● ABOUT THIS TASK
Reproduce exactly the lines that run from the start of the records below to the line with "score of the", inclusive.

● MATERIAL FOR THIS TASK
(* Let $S=s_1,\ldots,s_n$ be a sequence of positive real numbers, $\gamma>0$, $k$ a positive integer and $\epsilon>0$, and let $\Omega=\max_i s_i$ and $\omega=\min_i s_i$. The computational complexity of $\textit{ApproxExp}(S,\gamma,k,\epsilon)$ is $O(\epsilon^{-2}nk^3\log^2(\Omega/\omega))$.
   Context: A level sequence is $L=\ell_1,\ldots,\ell_n$ of integers with $0\le\ell_i\le k$; set $\ell_0=0$. The penalty is $\mathrm{pen}(x,y)=\max(y-x,0)\,\gamma\log n$; $p_{\exp}(s;\lambda)=\lambda e^{-\lambda s}$; $\mathrm{score}_{\exp}(L,S;\alpha,\beta,\gamma)=\sum_{i=1}^n\big[-\log p_{\exp}(s_i;\beta\alpha^{\ell_i})+\mathrm{pen}(\ell_{i-1},\ell_i)\big]$. $\textit{Viterbi}(S,\alpha,\beta,\gamma,k,p_{\exp})$ is a dynamic program returning a level sequence minimizing this score for fixed $\alpha,\beta$ in $O(nk)$ time. Algorithm $\textit{ExpAlpha}(S,\alpha,\gamma,k,\epsilon)$: let $\mu=\frac1n\sum_i s_i$ and $\beta=1/\mu$; while $\beta\ge1/(\alpha^k\mu)$: run $\textit{Viterbi}(S,\alpha,\beta,\gamma,k,p_{\exp})$ and set $\beta\leftarrow\beta/(1+\epsilon)$; return the best tested $(L,\beta)$. Algorithm $\textit{ApproxExp}(S,\gamma,k,\epsilon)$: let $\alpha=(\max_i s_i)/(\min_i s_i)$ and $c=(1+\epsilon)^{1/(2k)}$; while $\alpha\ge1$: run $\textit{ExpAlpha}(S,\alpha,\gamma,k,\epsilon/2)$ and set $\alpha\leftarrow\alpha/c$. Return the best observed solution. *)

From Stdlib Require Import Reals Lra List.
Open Scope R_scope.

(* Cost model (unit-cost RAM on reals):
   - one call Viterbi(S,alpha,beta,gamma,k,p_exp) costs n*(k+1) units (the O(nk)
     dynamic program over levels 0..k), which also pays for computing the
     score of the returned sequence and comparing it with the best so far;
   - computing mu in ExpAlpha costs n units; computing max/min of S in
     ApproxExp costs n units;
   - all other scalar operations are free (they are O(1) per iteration and
     dominated by the Viterbi call of that iteration). *)

(* Generic while loop: [while cond x do (body x); x <- step x], returning the
   total cost of the executed bodies; [fuel] bounds the number of loop tests;
   [None] means the fuel ran out (or a nested loop ran out of fuel). *)
Fixpoint while_cost {A : Type} (fuel : nat) (cond : A -> bool) (step : A -> A)
    (body : A -> option nat) (x : A) : option nat :=
  match fuel with
  | O => None
  | S f =>
      if cond x then
        match body x, while_cost f cond step body (step x) with
        | Some a, Some b => Some (a + b)%nat
        | _, _ => None
        end
      else Some 0%nat
  end.

Definition Rgeb (x y : R) : bool := if Rle_dec y x then true else false.

Definition seq_sum (S : list R) : R := fold_right Rplus 0 S.
Definition mean (S : list R) : R := seq_sum S / INR (length S).
Definition smax (S : list R) : R := fold_right Rmax (hd 0 S) S.
Definition smin (S : list R) : R := fold_right Rmin (hd 0 S) S.

Definition viterbi_cost (n k : nat) : nat := (n * (k + 1))%nat.

Definition exp_alpha_cost (fuel : nat) (S : list R) (alpha : R) (gamma : R)
    (k : nat) (eps : R) : option nat :=
  let n := length S in
  let mu := mean S in
  option_map (fun c => (n + c)%nat)
    (while_cost fuel
       (fun beta => Rgeb beta (1 / (alpha ^ k * mu)))
       (fun beta => beta / (1 + eps))
       (fun _ => Some (viterbi_cost n k))
       (1 / mu)).

Definition approx_exp_cost (fuel : nat) (S : list R) (gamma : R) (k : nat)
    (eps : R) : option nat :=
  let n := length S in
  let c := Rpower (1 + eps) (1 / (2 * INR k)) in
  option_map (fun t => (n + t)%nat)
    (while_cost fuel
       (fun alpha => Rgeb alpha 1)
       (fun alpha => alpha / c)
       (fun alpha => exp_alpha_cost fuel S alpha gamma k (eps / 2))
       (smax S / smin S)).

(* Both loops of ApproxExp divide their control variable by a constant ratio
   until it falls below a threshold, so each runs at most (log of the range) /
   (log of the ratio) times.  The outer loop takes alpha from Omega/omega down
   to 1 with ratio (1+eps)^(1/2k), hence O(k log(Omega/omega) / eps) times; the
   inner loop takes beta through a range of ratio alpha^k <= (Omega/omega)^k
   with ratio 1 + eps/2, hence also O(k log(Omega/omega) / eps) times, each
   iteration costing one Viterbi call, n(k+1).  The logarithms of the ratios
   are bounded below with ln(1+x) >= x/2 on (0,1]. *)
From Stdlib Require Import Reals Lra List ZArith Lia.
Open Scope R_scope.

Lemma while_cost_geometric (body : R -> option nat) (t r X : R) (B : nat) :
  0 < t -> 1 < r ->
  (forall y, t <= y -> y <= X -> exists b, body y = Some b /\ (b <= B)%nat) ->
  forall m fuel x, x < t * r ^ m -> x <= X -> (m < fuel)%nat ->
  exists c, while_cost fuel (fun y => Rgeb y t) (fun y => y / r) body x = Some c
            /\ (c <= m * B)%nat.
Proof.
  intros Ht Hr Hbody m.
  induction m as [|m IH]; intros [|fuel] x Hx HX Hfuel; try lia;
    simpl; unfold Rgeb at 1; destruct (Rle_dec t x) as [Htx|Htx].
  - simpl in Hx; lra.
  - exists 0%nat; split; [reflexivity | lia].
  - destruct (Hbody x Htx HX) as [b [-> Hb]].
    assert (Hstep : x / r < t * r ^ m).
    { apply Rmult_lt_reg_r with r; [lra|].
      replace (x / r * r) with x by (field; lra). simpl in Hx; lra. }
    assert (Hbound : x / r <= X).
    { apply Rle_trans with x; [|exact HX].
      apply Rmult_le_reg_r with r; [lra|].
      replace (x / r * r) with x by (field; lra). nra. }
    destruct (IH fuel (x / r) Hstep Hbound ltac:(lia)) as [c [-> Hc]].
    exists (b + c)%nat; split; [reflexivity | simpl; lia].
  - exists 0%nat; split; [reflexivity | lia].
Qed.

Lemma ln_le (x y : R) : 0 < x -> x <= y -> ln x <= ln y.
Proof.
  intros Hx [Hxy | ->]; [left; apply ln_increasing |]; lra.
Qed.

Lemma ln_1_plus_ge_half (x : R) : 0 < x -> x <= 1 -> x / 2 <= ln (1 + x).
Proof.
  intros Hx0 Hx1.
  assert (Hexp : 1 - ln (1 + x) <= / (1 + x)).
  { rewrite <- (exp_ln (1 + x)) at 2 by lra.
    rewrite <- exp_Ropp. apply exp_ineq1_le. }
  assert (Hinv : / (1 + x) <= 1 - x / 2).
  { apply Rmult_le_reg_r with (1 + x); [lra|].
    rewrite Rinv_l by lra. nra. }
  lra.
Qed.

Lemma pow_lt_pow_of_ln (a b : R) (k m : nat) :
  0 < a -> 0 < b -> INR k * ln a < INR m * ln b -> a ^ k < b ^ m.
Proof.
  intros Ha Hb Hln.
  rewrite <- (Rpower_pow k a Ha), <- (Rpower_pow m b Hb).
  apply exp_increasing. exact Hln.
Qed.

Lemma exists_iterations (y l e : R) :
  0 <= y -> 0 < e -> e <= l -> exists m : nat, y < INR m * l /\ INR m <= y / e + 1.
Proof.
  intros Hy He Hel.
  assert (Hyl : 0 <= y / l)
    by (apply Rmult_le_pos; [lra | left; apply Rinv_0_lt_compat; lra]).
  assert (Hyle : y / l <= y / e)
    by (apply Rmult_le_compat_l; [lra | apply Rinv_le_contravar; lra]).
  destruct (archimed (y / l)) as [Hup1 Hup2].
  exists (Z.to_nat (up (y / l))).
  rewrite INR_IZR_INZ, Z2Nat.id by (apply le_IZR; simpl; lra).
  split; [|lra].
  apply Rmult_lt_reg_r with (/ l); [apply Rinv_0_lt_compat; lra|].
  rewrite Rmult_assoc, Rinv_r, Rmult_1_r by lra. exact Hup1.
Qed.

Lemma iteration_counts (k : nat) (L eps : R) :
  (0 < k)%nat -> 0 <= L -> 0 < eps -> eps <= 1 ->
  exists mi mo : nat,
    INR k * L < INR mi * ln (1 + eps / 2)
    /\ L < INR mo * (ln (1 + eps) / (2 * INR k))
    /\ INR mi <= 4 * (INR k * L / eps) + 1
    /\ INR mo <= 4 * (INR k * L / eps) + 1.
Proof.
  intros Hk HL Heps0 Heps1.
  assert (HkR : 0 < INR k) by (apply lt_0_INR; exact Hk).
  destruct (exists_iterations (INR k * L) (ln (1 + eps / 2)) (eps / 4))
    as [mi [Hmi Hmi_le]]; [nra | lra | pose proof (ln_1_plus_ge_half (eps / 2)); lra |].
  destruct (exists_iterations L (ln (1 + eps) / (2 * INR k)) (eps / (4 * INR k)))
    as [mo [Hmo Hmo_le]]; [lra | apply Rdiv_lt_0_compat; lra | |].
  { replace (eps / (4 * INR k)) with (eps / 2 / (2 * INR k)) by (field; lra).
    apply Rmult_le_compat_r; [left; apply Rinv_0_lt_compat; lra|].
    apply ln_1_plus_ge_half; lra. }
  exists mi, mo. repeat split; try assumption.
  - replace (4 * (INR k * L / eps)) with (INR k * L / (eps / 4)) by (field; lra).
    exact Hmi_le.
  - replace (4 * (INR k * L / eps)) with (L / (eps / (4 * INR k))) by (field; lra).
    exact Hmo_le.
Qed.

Lemma fold_right_Rmin_pos (S : list R) (d : R) :
  0 < d -> Forall (fun s => 0 < s) S -> 0 < fold_right Rmin d S.
Proof.
  intros Hd HS. induction HS; simpl; [exact Hd|].
  apply Rmin_glb_lt; assumption.
Qed.

Lemma smin_pos (S : list R) :
  S <> nil -> Forall (fun s => 0 < s) S -> 0 < smin S.
Proof.
  intros Hne HS. apply fold_right_Rmin_pos; [|exact HS].
  destruct S as [|s S]; [congruence|]. now inversion HS.
Qed.

Lemma seq_sum_pos (S : list R) :
  S <> nil -> Forall (fun s => 0 < s) S -> 0 < seq_sum S.
Proof.
  intros Hne HS. induction HS as [|s S Hs HS IH]; [congruence|].
  unfold seq_sum in *; simpl.
  destruct S as [|s' S]; simpl in *; [lra|].
  specialize (IH ltac:(discriminate)). lra.
Qed.

Lemma mean_pos (S : list R) :
  S <> nil -> Forall (fun s => 0 < s) S -> 0 < mean S.
Proof.
  intros Hne HS. apply Rdiv_lt_0_compat; [now apply seq_sum_pos|].
  apply lt_0_INR. destruct S; [congruence | simpl; lia].
Qed.

Lemma exp_alpha_cost_le (S : list R) (alpha gamma eps : R) (k m fuel : nat) :
  0 < mean S -> 1 <= alpha -> 0 < eps ->
  INR k * ln alpha < INR m * ln (1 + eps) -> (m < fuel)%nat ->
  exists c, exp_alpha_cost fuel S alpha gamma k eps = Some c
            /\ (c <= length S + m * viterbi_cost (length S) k)%nat.
Proof.
  intros Hmu Halpha Heps Hm Hfuel.
  assert (Hak : 0 < alpha ^ k) by (apply pow_lt; lra).
  assert (Hpow : alpha ^ k < (1 + eps) ^ m) by (apply pow_lt_pow_of_ln; lra).
  assert (Hstart : 1 / mean S < 1 / (alpha ^ k * mean S) * (1 + eps) ^ m).
  { replace (1 / (alpha ^ k * mean S) * (1 + eps) ^ m)
      with (1 / mean S * ((1 + eps) ^ m / alpha ^ k)) by (field; lra).
    rewrite <- (Rmult_1_r (1 / mean S)) at 1.
    apply Rmult_lt_compat_l; [apply Rdiv_lt_0_compat; lra|].
    apply Rmult_lt_reg_r with (alpha ^ k); [exact Hak|].
    replace ((1 + eps) ^ m / alpha ^ k * alpha ^ k) with ((1 + eps) ^ m)
      by (field; lra). lra. }
  assert (Hthreshold : 0 < 1 / (alpha ^ k * mean S))
    by (apply Rdiv_lt_0_compat; [lra | now apply Rmult_lt_0_compat]).
  destruct (while_cost_geometric (fun _ => Some (viterbi_cost (length S) k))
              _ (1 + eps) (1 / mean S) (viterbi_cost (length S) k)
              Hthreshold ltac:(lra)
              (fun y _ _ => ex_intro _ _ (conj eq_refl (le_n _)))
              m fuel _ Hstart (Rle_refl _) Hfuel) as [c [Hc Hcm]].
  unfold exp_alpha_cost. rewrite Hc.
  eexists; split; [reflexivity | lia].
Qed.

Lemma approx_exp_cost_le (S : list R) (gamma eps : R) (k mi mo fuel : nat) :
  0 < mean S -> 0 < smax S / smin S -> 0 < eps -> (0 < k)%nat ->
  INR k * ln (smax S / smin S) < INR mi * ln (1 + eps / 2) ->
  ln (smax S / smin S) < INR mo * (ln (1 + eps) / (2 * INR k)) ->
  (mi < fuel)%nat -> (mo < fuel)%nat ->
  exists c, approx_exp_cost fuel S gamma k eps = Some c
    /\ (c <= length S
             + mo * (length S + mi * viterbi_cost (length S) k))%nat.
Proof.
  intros Hmu HA Heps Hk Hmi Hmo Hfi Hfo.
  set (A := smax S / smin S) in *.
  set (ratio := Rpower (1 + eps) (1 / (2 * INR k))).
  assert (HkR : 0 < INR k) by (apply lt_0_INR; exact Hk).
  assert (Hratio : 1 < ratio).
  { rewrite <- (Rpower_O (1 + eps)) by lra.
    apply Rpower_lt; [lra | apply Rdiv_lt_0_compat; lra]. }
  assert (Hln_ratio : ln ratio = ln (1 + eps) / (2 * INR k)).
  { unfold ratio. rewrite ln_Rpower. field. lra. }
  assert (Hstart : A < 1 * ratio ^ mo).
  { rewrite Rmult_1_l, <- (pow_1 A).
    apply pow_lt_pow_of_ln; [exact HA | lra |].
    rewrite Hln_ratio. simpl. lra. }
  assert (Hbody : forall alpha, 1 <= alpha -> alpha <= A ->
            exists b, exp_alpha_cost fuel S alpha gamma k (eps / 2) = Some b
              /\ (b <= length S + mi * viterbi_cost (length S) k)%nat).
  { intros alpha H1 HalphaA. apply exp_alpha_cost_le; try lra; try exact Hfi.
    pose proof (ln_le alpha A ltac:(lra) HalphaA). nra. }
  destruct (while_cost_geometric _ 1 ratio A _ Rlt_0_1 Hratio Hbody
              mo fuel A Hstart (Rle_refl _) Hfo) as [c [Hc Hcm]].
  exists (length S + c)%nat. unfold approx_exp_cost.
  fold ratio A. rewrite Hc. split; [reflexivity | lia].
Qed.

Lemma nested_cost_le (n k mi mo : nat) (X : R) :
  (0 < k)%nat -> / 2 <= X -> INR mi <= 4 * X + 1 -> INR mo <= 4 * X + 1 ->
  INR (n + mo * (n + mi * viterbi_cost n k)) <= 100 * (INR n * INR k * X ^ 2).
Proof.
  intros Hk HX Hmi Hmo.
  unfold viterbi_cost.
  repeat (rewrite plus_INR || rewrite mult_INR).
  rewrite INR_1. replace (X ^ 2) with (X * X) by ring.
  assert (HkR : 1 <= INR k) by (apply (le_INR 1); lia).
  pose proof (pos_INR n). pose proof (pos_INR mi). pose proof (pos_INR mo).
  assert (Hnk1 : 0 <= INR n * (INR k + 1)) by nra.
  assert (Hinner : INR n + INR mi * (INR n * (INR k + 1))
                   <= INR n + 6 * X * (INR n * (2 * INR k))).
  { apply Rplus_le_compat_l, Rmult_le_compat; try nra. }
  assert (Houter : INR mo * (INR n + INR mi * (INR n * (INR k + 1)))
                   <= 6 * X * (INR n + 6 * X * (INR n * (2 * INR k)))).
  { apply Rmult_le_compat; [lra | nra | lra | exact Hinner]. }
  assert (HXX : / 4 <= X * X) by nra.
  assert (HnX : INR n <= 4 * (INR n * X * X)) by nra.
  assert (HnX' : INR n * X <= 2 * (INR n * X * X)) by nra.
  assert (Hnk : INR n * X * X <= INR n * INR k * X * X).
  { apply Rmult_le_compat_r; [nra|]. apply Rmult_le_compat_r; [lra|]. nra. }
  nra.
Qed.

Theorem proposition9 :
  exists C : R, 0 < C /\
  forall (S : list R) (gamma : R) (k : nat) (eps : R),
    S <> nil ->
    Forall (fun s => 0 < s) S ->
    0 < gamma ->
    (0 < k)%nat ->
    0 < eps -> eps <= 1 ->
    2 * smin S <= smax S ->
    exists (fuel c : nat),
      approx_exp_cost fuel S gamma k eps = Some c /\
      INR c <= C * (/ eps ^ 2 * INR (length S) * INR k ^ 3
                    * ln (smax S / smin S) ^ 2).
Proof.
  exists 100. split; [lra|].
  intros S gamma k eps Hne HS _ Hk Heps0 Heps1 Hspread.
  pose proof (smin_pos S Hne HS) as Hmin.
  assert (HA : 2 <= smax S / smin S).
  { apply Rmult_le_reg_r with (smin S); [lra|].
    replace (smax S / smin S * smin S) with (smax S) by (field; lra). lra. }
  (* The spread Omega/omega >= 2 keeps ln(Omega/omega) away from 0, so the
     bound also absorbs the additive costs n and the rounding of iteration counts. *)
  assert (HL : / 2 < ln (smax S / smin S)).
  { pose proof ln_lt_2. pose proof (ln_le 2 _ ltac:(lra) HA). lra. }
  set (L := ln (smax S / smin S)) in *.
  assert (HkR : 1 <= INR k) by (apply (le_INR 1); lia).
  set (X := INR k * L / eps).
  assert (HX : / 2 <= X).
  { apply Rmult_le_reg_r with eps; [lra|].
    replace (X * eps) with (INR k * L) by (unfold X; field; lra). nra. }
  destruct (iteration_counts k L eps Hk ltac:(lra) Heps0 Heps1)
    as (mi & mo & Hmi & Hmo & Hmi_X & Hmo_X).
  fold X in Hmi_X, Hmo_X.
  set (fuel := Datatypes.S (Nat.max mi mo)).
  destruct (approx_exp_cost_le S gamma eps k mi mo fuel (mean_pos S Hne HS)
              ltac:(lra) Heps0 Hk Hmi Hmo ltac:(lia) ltac:(lia))
    as [c [Hc Hcost]].
  exists fuel, c. split; [exact Hc|].
  replace (/ eps ^ 2 * INR (length S) * INR k ^ 3 * L ^ 2)
    with (INR (length S) * INR k * X ^ 2) by (unfold X; field; lra).
  apply Rle_trans with (1 := le_INR _ _ Hcost).
  now apply nested_cost_le.
Qed.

● SOLVED PROBLEM
(* Let $S=s_1,\ldots,s_n$ be a sequence of positive real numbers, $\gamma>0$, $k$ a positive integer and $\epsilon>0$, and let $\Omega=\max_i s_i$ and $\omega=\min_i s_i$. The computational complexity of $\textit{ApproxExp}(S,\gamma,k,\epsilon)$ is $O(\epsilon^{-2}nk^3\log^2(\Omega/\omega))$.
   Context: A level sequence is $L=\ell_1,\ldots,\ell_n$ of integers with $0\le\ell_i\le k$; set $\ell_0=0$. The penalty is $\mathrm{pen}(x,y)=\max(y-x,0)\,\gamma\log n$; $p_{\exp}(s;\lambda)=\lambda e^{-\lambda s}$; $\mathrm{score}_{\exp}(L,S;\alpha,\beta,\gamma)=\sum_{i=1}^n\big[-\log p_{\exp}(s_i;\beta\alpha^{\ell_i})+\mathrm{pen}(\ell_{i-1},\ell_i)\big]$. $\textit{Viterbi}(S,\alpha,\beta,\gamma,k,p_{\exp})$ is a dynamic program returning a level sequence minimizing this score for fixed $\alpha,\beta$ in $O(nk)$ time. Algorithm $\textit{ExpAlpha}(S,\alpha,\gamma,k,\epsilon)$: let $\mu=\frac1n\sum_i s_i$ and $\beta=1/\mu$; while $\beta\ge1/(\alpha^k\mu)$: run $\textit{Viterbi}(S,\alpha,\beta,\gamma,k,p_{\exp})$ and set $\beta\leftarrow\beta/(1+\epsilon)$; return the best tested $(L,\beta)$. Algorithm $\textit{ApproxExp}(S,\gamma,k,\epsilon)$: let $\alpha=(\max_i s_i)/(\min_i s_i)$ and $c=(1+\epsilon)^{1/(2k)}$; while $\alpha\ge1$: run $\textit{ExpAlpha}(S,\alpha,\gamma,k,\epsilon/2)$ and set $\alpha\leftarrow\alpha/c$. Return the best observed solution. *)

From Stdlib Require Import Reals Lra List.
Open Scope R_scope.

(* Cost model (unit-cost RAM on reals):
   - one call Viterbi(S,alpha,beta,gamma,k,p_exp) costs n*(k+1) units (the O(nk)
     dynamic program over levels 0..k), which also pays for computing the
     score of the returned sequence and comparing it with the best so far;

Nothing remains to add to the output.